Paradigma apa yang ingin Anda bangun terhadap penyandang cacat?

Terutama adalah masyarakat harus mengerti dahulu UU mengenai penyandang cacat ini. Caranya dengan melakukan sosialisasi di antaranya walau UU itu soal penyandang cacat tetapi yang diatur tidak hanya penyandang cacat saja tetapi terkait dengan dengan dunia usaha yang wajib mempekerjakan mereka, lalu dunia pendidikan yang memiliki kewajiban untuk menerima mereka, lalu sektor lain seperti fasilitas umum untuk penyandang cacat.
Jadi kalau dibilang masyarakat atau kota Jakarta kurang ramah kepada penyandang cacat, sebenarnya itu lebih mengarah kepada ketidaktahuan masyarakat tentang kewajiban masyarakat terhadap penyandang cacat, apa yang mesti mereka lakukan dan sebagainya. Dan yang ingin saya ingin ubah adalah paradigma bahwa penyandang cacat itu identik dengan penyandang masalah sosial. Harus disantuni, harus dikasih bantuan dan lain-lain. Masyarakat itu tidak berpikir bahwa orang cacat juga mau sekolah, mau kerja bukan sekedar dibagi-bagi sembako saja. Padahal kalau mereka bekerja mereka bisa gajian dan bisa memperoleh uang. Dan merubah paradigma ‘dikasihani’ menjadi paradigma ‘diberdayakan’ inilah yang sulit dan tentunya kita perjuangkan.
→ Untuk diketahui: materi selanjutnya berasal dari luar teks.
(* A vector of V^{(x)r}: a finite formal linear combination of basis tensors
   e_{t_1} (x) ... (x) e_{t_r}, the basis tensor being indexed by the
   sequence [:: t_1; ...; t_r] of integers. *)
Definition vec := seq (Qv * seq int).

Definition coef (x : vec) (s : seq int) : Qv :=
  \sum_(p <- x) (if p.2 == s then p.1 else 0).

(* A linear operator, given by the images of the basis tensors. *)
Definition op := seq int -> vec.

Definition scalev (c : Qv) (x : vec) : vec := [seq (c * p.1, p.2) | p <- x].
Definition applyop (A : op) (x : vec) : vec :=
  flatten [seq scalev p.1 (A p.2) | p <- x].

Definition opid : op := fun s => [:: (1, s)].
Definition op0 : op := fun _ => [::].
Definition opcomp (A B : op) : op := fun s => applyop A (B s).
Definition opadd (A B : op) : op := fun s => A s ++ B s.
Definition opscale (c : Qv) (A : op) : op := fun s => scalev c (A s).
Definition opsub (A B : op) : op := opadd A (opscale (-1) B).
Definition opprod (l : seq op) : op := foldr opcomp opid l.

Definition opeq (r : nat) (A B : op) : Prop :=
  forall t : seq int, size t = r -> forall s, coef (A t) s = coef (B t) s.

Definition congr_mod (n : nat) (t : int) (i : nat) : bool :=
  (n%:Z %| t - i%:Z)%Z.

(* action of K_i, K_i^{-1} on the basis vector e_t of V *)
Definition Kfac (n i : nat) (t : int) : Qv := if congr_mod n t i then v else 1.
Definition Kifac (n i : nat) (t : int) : Qv := if congr_mod n t i then v^-1 else 1.

(* Actions on V^{(x)r}, obtained by iterating the coproduct
     Delta(E_i) = E_i (x) K_i K_{i+1}^{-1} + 1 (x) E_i,
     Delta(F_i) = K_i^{-1} K_{i+1} (x) F_i + F_i (x) 1,
     Delta(K_i^{+-1}) = K_i^{+-1} (x) K_i^{+-1},
   splitting V^{(x)r} = V (x) V^{(x)(r-1)} along the first tensor factor. *)
Definition Kop (n i : nat) : op := fun s => [:: (\prod_(t <- s) Kfac n i t, s)].
Definition Kiop (n i : nat) : op := fun s => [:: (\prod_(t <- s) Kifac n i t, s)].

(* E_i e_{t+1} = e_t if i == t (mod n), else 0 *)
Fixpoint Eop (n i : nat) (s : seq int) : vec :=
  match s with
  | [::] => [::]
  | t :: s' =>
      (if congr_mod n (t - 1) i
       then [:: (\prod_(u <- s') (Kfac n i u * Kifac n i.+1 u), (t - 1) :: s')]
       else [::])
      ++ [seq (p.1, t :: p.2) | p <- Eop n i s']
  end.

(* F_i e_t = e_{t+1} if i == t (mod n), else 0 *)
Fixpoint Fop (n i : nat) (s : seq int) : vec :=
  match s with
  | [::] => [::]
  | t :: s' =>
      [seq (Kifac n i t * Kfac n i.+1 t * p.1, t :: p.2) | p <- Fop n i s']
      ++ (if congr_mod n t i then [:: (1, (t + 1) :: s')] else [::])
  end.

(* epsilon^+(i,j) for indices i, j in {0,...,n-1} (index 0 plays the role of n) *)
Definition epsp (n i j : nat) : int :=
  if j == i then 1 else if (j.+1 %% n)%N == i then -1 else 0.

Definition adj (n i j : nat) : bool := (i == (j.+1 %% n)%N) || (j == (i.+1 %% n)%N).

Definition U_relations_hold (n r : nat) (E F K Ki : nat -> op) : Prop :=
  forall i j : 'I_n,
  opeq r (opcomp (K i) (K j)) (opcomp (K j) (K i)) /\
  opeq r (opcomp (K i) (Ki i)) opid /\
           opeq r (opcomp (Ki i) (K i)) opid /\
  opeq r (opcomp (K i) (E j)) (opscale (v ^ epsp n i j) (opcomp (E j) (K i))) /\
  opeq r (opcomp (K i) (F j)) (opscale (v ^ (- epsp n i j)) (opcomp (F j) (K i))) /\
  opeq r (opsub (opcomp (E i) (F j)) (opcomp (F j) (E i)))
             (if i == j then
                opscale (v - v^-1)^-1
                  (opsub (opcomp (K i) (Ki ((i.+1 %% n)%N)))
                         (opcomp (Ki i) (K ((i.+1 %% n)%N))))
              else op0) /\
           (~~ adj n i j ->
              opeq r (opcomp (E i) (E j)) (opcomp (E j) (E i)) /\
              opeq r (opcomp (F i) (F j)) (opcomp (F j) (F i))) /\
           (adj n i j ->
              opeq r (opadd (opsub (opprod [:: E i; E i; E j])
                                   (opscale (v + v^-1) (opprod [:: E i; E j; E i])))
                            (opprod [:: E j; E i; E i])) op0 /\
              opeq r (opadd (opsub (opprod [:: F i; F i; F j])
                                   (opscale (v + v^-1) (opprod [:: F i; F j; F i])))
                            (opprod [:: F j; F i; F i])) op0).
Berarti maksud Anda penyandang cacat banyak yang berkembang?

Benar, di Inggris ada pilot penyandang cacat, menjadi ahli komputer, sementara di Indonesia cuma menjadi ahli mijit. Di Indonesia ini banyak menyandang cacat yang ingin maju tetapi lingkungan yang membuat mereka menjadi tidak berdaya. Misalnya, untuk sekolah tidak ada fasilitas untuk mereka. Dan solusi termudah mereka dimasukkan ke panti dan persoalan menjadi selesai. Sebenarnya banyak yang bisa mereka lakukan. Dan di panti orang-orang cacat, pemerintah hanya memberikan santunan sebesar Rp. 300.000/hari. Dari pada dikasih uang yang hanya cukup untuk makan saja lebih baik diberikan pekerjaan.

Bagaimana membangun kemitraan dengan swasta?

Kita memang terus membangun kemitraan dengan swasta. Untuk diketahui bahwa beberapa media nasional seperti Metro TV dan di Indosiar ada sekitar 30 karyawannya berstatus penyandang cacat. Dan di perusahaan swasta juga ada.

Apa harapan Anda ke depan?

Tentu saja yang kita inginkan adalah tidak ada diskriminasi, alienasi dan marjinalisasi terhadap penyandang cacat ini. Kehidupan penyandang cacat dapat maju, berhak mendapat perlindungan, kesetaraan, kemandirian.